Monday, March 10, 2008


So here's the new history of the neighbor islands, at least of the past couple decades. Sugar and pineapple pulled out; instead of importing workers to exploit they realized that it was cheaper to go their home countries and exploit them there.

The fields were sold off for golf courses and developments, while the old plantation towns started to fade. Some returned to dust. Others were saved - somewhat.

The first newcomers had the best intentions, I'm sure. They came in and repainted and restored the buildings. They opened cafes and funky breakfast shops and stores selling crystals and dream catchers and Tibetan prayer flags. They were a bit crunchy, they got excited over organic greens, they rode their bikes to work and they believed in solar power.

But something feels off with them. They look like hippies, they wear second hand clothes, and none of them ever pay for a hair cut. And yet, coffee and a cinnamon roll costs six bucks at the cafe, and you can't find a decent lunch under ten dollars ... and even that is a 'wrap' dominated by ten-cents worth of bean sprouts and lettuce. And though they all take Hawaiian names you notice, each year, fewer and fewer actual locals in these towns.

Still, they're nice people and you can get along fine with them as long as you remember that they are more spiritually advanced than you.

Next comes the spas and retreats and expensive resorts. Only: don't call them resorts. Call them Healing Centers. After all, they all offer traditional native Hawaiian healing practices, many so esoteric that even the Hawaiians have never heard of them.

And then the really rich ones start coming in, the multi-millionaires and billionaires who see a stretch of undeveloped coast near-by and want it for themselves.

Which is what brings me here to Kapa`au: another rich guy sees paradise and wants to own it. It's so foreign to me, this desire to pave over, dominate and own what is wild & free & beautiful. Another community is going to fight to save what little is left. I'm not part of this battle: my job this week is only to open the doors and make sure everyone gets to where they're supposed to be. I'll have my own battles coming up; this time I'm just an observer.

And though I'm sympathetic to the community, I'm a bit cynical too. I look around and see ads in the kiosks for Tibetan antiques, naia dance classes, yoga, spiritual learning centers, massage ... the band in the bar next door is playing Gipsy King covers ... the women have hairy toes and the men never seem to comb their hair ... and it's all so new-age generic that we could be anywhere.

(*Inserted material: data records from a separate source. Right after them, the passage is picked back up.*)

(* Let $G$ be a $k$-chromatic graph and $\{u,v\}$ an implicit-edge (respectively implicit-identity) of $G$. Let $0\le \ell\le k-2$ and let $S_1,\dots,S_\ell$ be vertex sets not containing $u$ or $v$ such that, for each $i$, $S_i$ is a critical independent set of $G-(S_1\cup\dots\cup S_{i-1})$. Then $\{u,v\}$ is an implicit-edge (respectively implicit-identity) of $H=G-(S_1\cup\dots\cup S_\ell)$, with respect to $\chi(H)=k-\ell$.
   Context: All graphs are finite, simple and connected. For a graph $G$ and vertices $u,v$, $G-uv$ denotes $G$ with the edge $uv$ removed if $uv\in E(G)$ (and $G$ itself otherwise). A $k$-coloring is a proper vertex coloring with colors from $\{1,\dots,k\}$. Given a $k$-chromatic graph $G$, a pair of distinct vertices $\{u,v\}$ is an implicit-edge of $G$ iff there is no $k$-coloring $c$ of $G-uv$ with $c(u)=c(v)$, and an implicit-identity of $G$ iff there is no $k$-coloring $c$ of $G-uv$ with $c(u)\neq c(v)$. An independent set $S$ of a $k$-chromatic graph $G$ is critical iff $\chi(G-S)=k-1$. *)

From mathcomp Require Import all_boot.
Set Implicit Arguments. Unset Strict Implicit. Unset Printing Implicit Defensive.

(* A graph is a vertex set V : {set T} over a finite type T together with an
   adjacency relation e : rel T; only edges between vertices of V count
   (so deleting vertices = shrinking V, i.e. taking the induced subgraph). *)

Definition simple_rel (T : finType) (e : rel T) : Prop :=
  symmetric e /\ irreflexive e.

Definition connected_graph (T : finType) (V : {set T}) (e : rel T) : Prop :=
  forall x y, x \in V -> y \in V ->
    connect [rel a b | [&& a \in V, b \in V & e a b]] x y.

Definition del_edge (T : finType) (e : rel T) (u v : T) : rel T :=
  [rel x y | e x y && ~~ (((x == u) && (y == v)) || ((x == v) && (y == u)))].

Definition is_coloring (T : finType) (V : {set T}) (e : rel T) (k : nat)
    (c : T -> 'I_k) : Prop :=
  forall x y, x \in V -> y \in V -> e x y -> c x != c y.

Definition colorable (T : finType) (V : {set T}) (e : rel T) (k : nat) : Prop :=
  exists c : T -> 'I_k, is_coloring V e c.

Definition chromatic (T : finType) (V : {set T}) (e : rel T) (k : nat) : Prop :=
  colorable V e k /\ forall j, j < k -> ~ colorable V e j.

Definition independent (T : finType) (V : {set T}) (e : rel T) (S : {set T}) : Prop :=
  S \subset V /\ forall x y, x \in S -> y \in S -> ~~ e x y.

Definition critical_indep (T : finType) (V : {set T}) (e : rel T) (S : {set T}) : Prop :=
  independent V e S /\
  exists k, 0 < k /\ chromatic V e k /\ chromatic (V :\: S) e k.-1.

Definition implicit_edge (T : finType) (V : {set T}) (e : rel T) (k : nat) (u v : T) : Prop :=
  [/\ u \in V, v \in V, u != v &
   ~ exists c : T -> 'I_k, is_coloring V (del_edge e u v) c /\ c u = c v].

Definition implicit_identity (T : finType) (V : {set T}) (e : rel T) (k : nat) (u v : T) : Prop :=
  [/\ u \in V, v \in V, u != v &
   ~ exists c : T -> 'I_k, is_coloring V (del_edge e u v) c /\ c u != c v].

(* S_1 ∪ ... ∪ S_i, with the sets indexed from 0: \bigcup_(j < i) S j *)
Definition prefix_union (T : finType) (S : nat -> {set T}) (i : nat) : {set T} :=
  \bigcup_(j < i) S j.

From mathcomp Require Import all_boot.
Set Implicit Arguments. Unset Strict Implicit. Unset Printing Implicit Defensive.

(* Removing the critical independent sets one at a time lowers the chromatic
   number by exactly one each time, so H = G - (S_1 u ... u S_l) is
   (k - l)-chromatic. Conversely, a (k - l)-colouring of H - uv extends to a
   k-colouring of G - uv by giving each S_i its own fresh colour; since u and v
   lie outside every S_i, their colours (equal or distinct) are unchanged. So a
   colouring of H - uv violating the implicit-edge (resp. implicit-identity)
   property of {u, v} in H would give one violating it in G. *)

Lemma chromatic_unique (T : finType) (V : {set T}) (e : rel T) (a b : nat) :
  chromatic V e a -> chromatic V e b -> a = b.
Proof.
move=> [colA minA] [colB minB]; case: (ltngtP a b) => // [ltab|ltba].
- by case: (minB _ ltab colA).
- by case: (minA _ ltba colB).
Qed.

Lemma prefix_unionS (T : finType) (S : nat -> {set T}) (i : nat) :
  prefix_union S i.+1 = prefix_union S i :|: S i.
Proof. by rewrite /prefix_union big_ord_recr. Qed.

Lemma chromatic_prefix_removed (T : finType) (V : {set T}) (e : rel T)
    (S : nat -> {set T}) (k l : nat) :
  chromatic V e k ->
  (forall i, i < l -> critical_indep (V :\: prefix_union S i) e (S i)) ->
  chromatic (V :\: prefix_union S l) e (k - l).
Proof.
move=> chiV; elim: l => [|l IHl] crit.
  by rewrite subn0 /prefix_union big_ord0 setD0.
have chi_l := IHl (fun i lt_il => crit i (leqW lt_il)).
have [_ [k' [_ [chi_k' chi_del]]]] := crit l (ltnSn l).
by rewrite (chromatic_unique chi_k' chi_l) in chi_del; rewrite prefix_unionS -setDDl subnS.
Qed.

Section ExtendColoring.

Variables (T : finType) (S : nat -> {set T}) (l m : nat).

Definition extend_coloring (c : T -> 'I_m) (x : T) : 'I_(m + l) :=
  if [pick i : 'I_l | x \in S i] is Some i then rshift m i else lshift l (c x).

Lemma extend_coloring_lshift (c : T -> 'I_m) (x : T) :
  x \notin prefix_union S l -> extend_coloring c x = lshift l (c x).
Proof.
move=> xS; rewrite /extend_coloring; case: pickP => // i xSi.
by case/negP: xS; apply/bigcupP; exists i.
Qed.

Lemma is_coloring_extend (V : {set T}) (e : rel T) (c : T -> 'I_m) :
  (forall i, i < l -> {in S i &, forall x y, ~~ e x y}) ->
  is_coloring (V :\: prefix_union S l) e c ->
  is_coloring V e (extend_coloring c).
Proof.
move=> indS colc x y xV yV exy; rewrite /extend_coloring.
case: pickP => [i xSi|xS]; case: pickP => [j ySj|yS].
- rewrite eq_shift; apply: contraTneq exy => eq_ij.
  by rewrite -eq_ij in ySj; exact: indS i (ltn_ord i) x y xSi ySj.
- by rewrite eq_rlshift.
- by rewrite eq_lrshift.
- have outside z : z \in V -> (forall i : 'I_l, z \in S i = false) ->
      z \in V :\: prefix_union S l.
    by move=> zV zS; rewrite inE zV andbT; apply/bigcupP => -[i _]; rewrite zS.
  by rewrite eq_shift; apply: colc exy; apply: outside.
Qed.

End ExtendColoring.

Lemma lift_coloring (T : finType) (V : {set T}) (e : rel T)
    (S : nat -> {set T}) (k l : nat) (c : T -> 'I_(k - l)) :
  l <= k ->
  (forall i, i < l -> {in S i &, forall x y, ~~ e x y}) ->
  is_coloring (V :\: prefix_union S l) e c ->
  exists c' : T -> 'I_k, is_coloring V e c' /\
    forall x y, x \notin prefix_union S l -> y \notin prefix_union S l ->
      (c' x == c' y) = (c x == c y).
Proof.
move=> le_lk indS colc; exists (cast_ord (subnK le_lk) \o extend_coloring S l c).
split=> [x y xV yV exy | x y xS yS] /=; rewrite (inj_eq (@cast_ord_inj _ _ _)).
- exact: is_coloring_extend indS colc x y xV yV exy.
- by rewrite !extend_coloring_lshift // eq_shift.
Qed.

Lemma del_edge_subrel (T : finType) (e : rel T) (u v : T) :
  subrel (del_edge e u v) e.
Proof. by move=> x y /andP[]. Qed.

Theorem theorem3 (T : finType) (V : {set T}) (e : rel T) (k l : nat)
  (u v : T) (S : nat -> {set T}) :
  simple_rel e ->
  connected_graph V e ->
  chromatic V e k ->
  l + 2 <= k ->
  (forall i, i < l -> (u \notin S i) && (v \notin S i)) ->
  (forall i, i < l -> critical_indep (V :\: prefix_union S i) e (S i)) ->
  (implicit_edge V e k u v ->
     chromatic (V :\: prefix_union S l) e (k - l) /\
     implicit_edge (V :\: prefix_union S l) e (k - l) u v) /\
  (implicit_identity V e k u v ->
     chromatic (V :\: prefix_union S l) e (k - l) /\
     implicit_identity (V :\: prefix_union S l) e (k - l) u v).
Proof.
move=> _ _ chiV le_l2k uvS crit.
have le_lk : l <= k by apply: leq_trans le_l2k; rewrite leq_addr.
have chiH := chromatic_prefix_removed chiV crit.
have indS i : i < l -> {in S i &, forall x y, ~~ del_edge e u v x y}.
  move=> /crit[[_ indSi] _] x y xS yS.
  exact: contra (@del_edge_subrel _ e u v x y) (indSi x y xS yS).
have [uS vS] : u \notin prefix_union S l /\ v \notin prefix_union S l.
  by split; apply/bigcupP => -[i _]; case/andP: (uvS i (ltn_ord i)) => /negP ? /negP.
have lift (c : T -> 'I_(k - l)) : is_coloring (V :\: prefix_union S l) (del_edge e u v) c ->
    exists c' : T -> 'I_k,
      is_coloring V (del_edge e u v) c' /\ (c' u == c' v) = (c u == c v).
  move=> colc; have [c' [colc' eq_c']] := lift_coloring le_lk indS colc.
  by exists c'; rewrite eq_c'.
split=> -[uV vV neq_uv no_col]; (split; last split) => //; rewrite ?inE ?uS ?vS //;
  move=> [c [/lift[c' [colc' eq_uv]] cuv]]; apply: no_col; exists c'.
- by split=> //; apply/eqP; rewrite eq_uv cuv.
- by rewrite eq_uv.
Qed.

And then you cross the line, and go to the plate lunch place, or the gas station for coffee (same taste, 1/5 the price). And you're in plantation Hawai`i again, and there is no sign that the others exist at all. Old ladies lomi the opelu and mix it with limu for poke in between cigarette breaks & it's the only thing on the menu not swimming in grease, the tv is almost as loud as the refrigerator in the kitchen, and super-size mahu ring up your bill. There's two worlds, maybe more, living on the same land and never crossing. Visit one, you'd never even know the other side was there.